In my previous career, I was a Total Quality leader. One of the mantras for total quality is ‘if you cannot measure it, you cannot improve it.” In my current career, I work on social change. My new mantra is, “if you cannot name it, you cannot tame it.”
Last week I was a coach for the Idea Lab for the semifinalists in the University of San Diego’s Social Innovation Challenge. In this Idea Lab, the semifinalists were preparing their pitches for the finals. A few brave individuals even presented their rough 60 second pitches to the audience. One of the ideas was to start a semi-professional soccer team in Yuma, Arizona. Yes, the same infamous border town that I described in my other post on difficult conversations. In his pitch, he described Yuma as a border town citing demographic statistics such as the proportion of Hispanics and the unemployment rates there. Most of the feedback that he received from the audience was about how he should reword his description in a politically correct fashion so he doesn’t offend people. After the event, I was chatting with him about his project and specifically wanted to know about his reaction to the feedback that he received. His response was that he was just describing the place and it was not to offend anyone. He believed that the data he provided has the capacity to create a sense of urgency and help funders understand the importance of his project. Which I think is reasonable. Especially given that he is on the ground, engaging to change the dismal reality there.
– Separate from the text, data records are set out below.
(* Both sides are products over the pairs (d, e) with d * e %| m; summing the
   exponents of b e gives \sum_(d %| m %/ e) moebius d = (e == m). *)
Lemma moebius_inversion :
  b m = \prod_(d <- divisors m) a (m %/ d)%N ^ moebius d.
Proof.
have b_neq0 e : e \in divisors m -> b e != 0.
  rewrite -dvdn_divisors // => e_m; have e_gt0 := dvdn_gt0 m_gt0 e_m.
  move: (a_neq0 e_m); rewrite a_prod // prodf_seq_neq0 => /allP/(_ e).
  by rewrite -dvdn_divisors //; apply.
have dvdn_div_sym d e : d \in divisors m -> e \in divisors m ->
    (e %| m %/ d)%N = (d %| m %/ e)%N.
  by rewrite -!dvdn_divisors // => d_m e_m; rewrite !dvdn_divRL // mulnC.
have a_div d : d \in divisors m ->
    a (m %/ d)%N ^ moebius d
      = \prod_(e <- divisors m | (e %| m %/ d)%N) b e ^ moebius d.
  rewrite -dvdn_divisors // => d_m.
  rewrite a_prod ?dvdn_div // prodfXzl (big_divisors_dvd _ xpredT _ m_gt0) ?dvdn_div //.
  by under eq_bigl do rewrite andbT.
rewrite (eq_big_seq _ a_div) (exchange_big_dep xpredT) //=.
have b_pow e : e \in divisors m ->
    \prod_(d <- divisors m | (e %| m %/ d)%N) b e ^ moebius d
      = b e ^ ((m %/ e)%N == 1%N)%:Z.
  move=> e_mem; have e_m : (e %| m)%N by move: e_mem; rewrite -dvdn_divisors.
  rewrite big_seq_cond.
  rewrite (eq_bigl (fun d => (d \in divisors m) && ((d %| m %/ e)%N && true))).
    rewrite -big_seq_cond prodfXzr ?b_neq0 // -(big_divisors_dvd _ xpredT _ m_gt0).
      by rewrite sum_moebius_divisors // (divn_gt0 _ (dvdn_gt0 m_gt0 e_m)) dvdn_leq.
    exact: dvdn_div.
  by move=> d; rewrite andbT; case: (boolP (d \in divisors m)) => // /dvdn_div_sym->.
rewrite (eq_big_seq _ b_pow) (bigD1_seq m) ?divisors_id ?divisors_uniq //=.
rewrite divnn m_gt0 expr1z big1_seq ?mulr1 // => e /andP[e_neq_m].
rewrite -dvdn_divisors // => e_m; suff /negbTE-> : (m %/ e != 1)%N by rewrite expr0z.
by apply: contra e_neq_m => /eqP m_e1; rewrite -(divnK e_m) m_e1 mul1n.
Qed.

End MoebiusInversion.

Lemma exprz_bounds (R : realFieldType) (x : R) (z : int) :
  0 < x <= 1 -> `|z| <= 1 -> x <= x ^ z <= x^-1.
Proof.
case/andP=> x_gt0 x_le1; have x_leV : x <= x^-1 by rewrite (le_trans x_le1) ?invf_ge1.
by case: z => [[|[|k]]|[|k]] //= _;
  rewrite ?expr0z ?expr1z ?NegzE ?exprN1 ?lexx ?x_le1 ?invf_ge1 ?x_leV.
Qed.

Lemma prod_exprz_bounds (R : realFieldType) (I : eqType) (r : seq I)
    (f : I -> R) (e : I -> int) :
  {in r, forall i, 0 < f i <= 1} -> (forall i, `|e i| <= 1) ->
  \prod_(i <- r) f i <= \prod_(i <- r) f i ^ e i <= (\prod_(i <- r) f i)^-1.
Proof.
move=> f_01 e_le1; rewrite -prodfV !big_seq.
apply/andP; split; apply: ler_prod => i /f_01 f_i_01;
  have /andP[f_gt0 _] := f_i_01; have /andP[lo hi] := exprz_bounds f_i_01 (e_le1 i).
  by rewrite ltW.
by rewrite hi (le_trans (ltW f_gt0) lo).
Qed.

Lemma prod_le_prod_cond (R : numDomainType) (I : eqType) (r : seq I) (P : pred I)
    (f : I -> R) :
  {in r, forall i, 0 <= f i <= 1} -> \prod_(i <- r) f i <= \prod_(i <- r | P i) f i.
Proof.
move=> f_01; rewrite (bigID P) /= ler_piMr //.
  by rewrite big_seq_cond prodr_ge0 // => i /andP[/f_01/andP[]].
by rewrite big_seq_cond prodr_ile1 // => i /andP[/f_01].
Qed.

(* The extra term t ^+ N.+1 / 2 is what makes the induction go through. *)
Lemma prod_one_sub_expr_ge (R : realFieldType) (t : R) N : 0 < t <= 1 / 2 ->
  1 / 4 + t ^+ N.+1 / 2 <= \prod_(1 <= j < N.+2) (1 - t ^+ j).
Proof.
case/andP=> t_gt0 t_le; elim: N => [|N IH]; first by rewrite big_nat1 expr1; lra.
rewrite big_nat_recr //= exprS; set w := t ^+ N.+1 in IH *.
have w_gt0 : 0 < w by rewrite exprn_gt0.
have tN_01 : 0 <= t ^+ N <= 1 by rewrite exprn_ge0 ?exprn_ile1 ?ltW //=; lra.
have w_le : w <= 1 / 2 by rewrite /w exprS; nra.
have tw_le : t * w <= 1 / 4 by nra.
have gain : 0 <= w * (1 / 2 - 3 / 4 * t - t * w / 2) by apply: mulr_ge0; nra.
nra.
Qed.

Section EulerProduct.
Variables (R : realType) (n : nat).
Hypothesis n_ge2 : (2 <= n)%N.

Let t : R := n%:R^-1.

Let t_gt0_le_half : 0 < t <= 1 / 2.
Proof.
have n_gt0 : (0 < n)%N by rewrite (leq_trans _ n_ge2).
by rewrite invr_gt0 ltr0n n_gt0 mul1r lef_pV2 ?posrE ?ler_nat ?ltr0n.
Qed.

Lemma euler_partialE N : euler_partial R n N = \prod_(1 <= j < N.+1) (1 - t ^+ j).
Proof. by apply: eq_bigr => j _; rewrite exprVn. Qed.

Lemma euler_factor_gt0_le1 j : (0 < j)%N -> 0 < 1 - (n%:R ^+ j : R)^-1 <= 1.
Proof.
move=> j_gt0; have /andP[t_gt0 t_le] := t_gt0_le_half.
rewrite -exprVn -/t subr_gt0 gerBl exprn_ge0 ?exprn_ilt1 ?ltW -?lt0n ?andbT //.
lra.
Qed.

Lemma euler_partial_ge N : 1 / 4 <= euler_partial R n N.
Proof.
case: N => [|N]; first by rewrite /euler_partial big_geq //; lra.
have /andP[t_gt0 _] := t_gt0_le_half.
rewrite euler_partialE (le_trans _ (prod_one_sub_expr_ge N t_gt0_le_half)) //.
by rewrite lerDl divr_ge0 ?exprn_ge0 ?ltW.
Qed.

Lemma euler_partial_nonincreasing : nonincreasing_seq (euler_partial R n).
Proof.
apply/nonincreasing_seqP => N; rewrite {1}/euler_partial big_nat_recr //=.
have /andP[_ factor_le1] := euler_factor_gt0_le1 (ltn0Sn N).
by rewrite ler_piMr // (le_trans _ (euler_partial_ge N)).
Qed.

Lemma euler_partial_cvg : cvgn (euler_partial R n).
Proof.
apply: nonincreasing_is_cvgn; first exact: euler_partial_nonincreasing.
by exists 0 => _ [N _ <-]; rewrite (le_trans _ (euler_partial_ge N)).
Qed.

Lemma euler_prod_le_partial N : euler_prod R n <= euler_partial R n N.
Proof.
exact: nonincreasing_cvgn_ge euler_partial_nonincreasing euler_partial_cvg N.
Qed.

Lemma euler_prod_gt0 : 0 < euler_prod R n.
Proof.
apply: lt_le_trans (_ : 1 / 4 <= _); first by [].
apply: limr_ge; first exact: euler_partial_cvg.
by apply: nearW => N; exact: euler_partial_ge.
Qed.

End EulerProduct.

Lemma horner_prod_Cyclotomic (x : int) k : (0 < k)%N ->
  \prod_(d <- divisors k) ('Phi_d).[x] = x ^+ k - 1.
Proof. by move=> k_gt0; rewrite -horner_prod prod_Cyclotomic // !hornerE. Qed.

Lemma sum_totient_divisors k : (0 < k)%N ->
  (\sum_(d <- divisors k) totient d)%N = k.
Proof. by move=> k_gt0; rewrite big_divisors_nat // big_mkord sum_totient_dvd. Qed.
This exchange set me thinking about how afraid we are to name something so scary like it is Godzilla. If we are so afraid to name something, how can we begin to even tackle it? This is both personal and political. Words are powerful, dangerous and frightening. They form our reality and create worlds. But when we are afraid of words, we are afraid of the world. We fear that naming it means people will judge us and condemn us as a whole. I think the more dangerous fear is that naming something will shine the mirror on us thus exposing us to ourselves. Gandhi and Dr. King did precisely that.
Saying it aloud that the future and relevance of the academy is at stake does not make me less invested in my students or the academy. Saying it aloud that sometimes I wonder if what I do even makes a little difference to the world does not make me less committed ot my profession. It inspires me to find ways to make a difference. Saying it aloud that capitalism was built on colonialism and environmental abuse does not make us utopian hippies. Only then we can find responsible alternatives. Saying it aloud that we have ways to go before we achieve our vision as a just and equitable society does not make us unpatriotic. Saying it aloud that obesity is a problem in our society does not make us tyrants. Saying it aloud that we want to love and be loved does not make us weak. Saying it aloud that we are for gun control does not make us constitution-opposers. Saying it aloud that maybe I cannot have all of it right now does not make any less of a feminist. Saying it aloud that Yuma is a border town with 4.5 times the unemployment rates of national average does not make one racist. That is merely a fact. Condemning them to that fate makes us irresponsible and completely devoid of humanity. Which is why I think the student had it right. He named it with no fear and is making an effort to change it.
BTW, Harry Potter was the only one unafraid to name Voldemort and we all know what happened.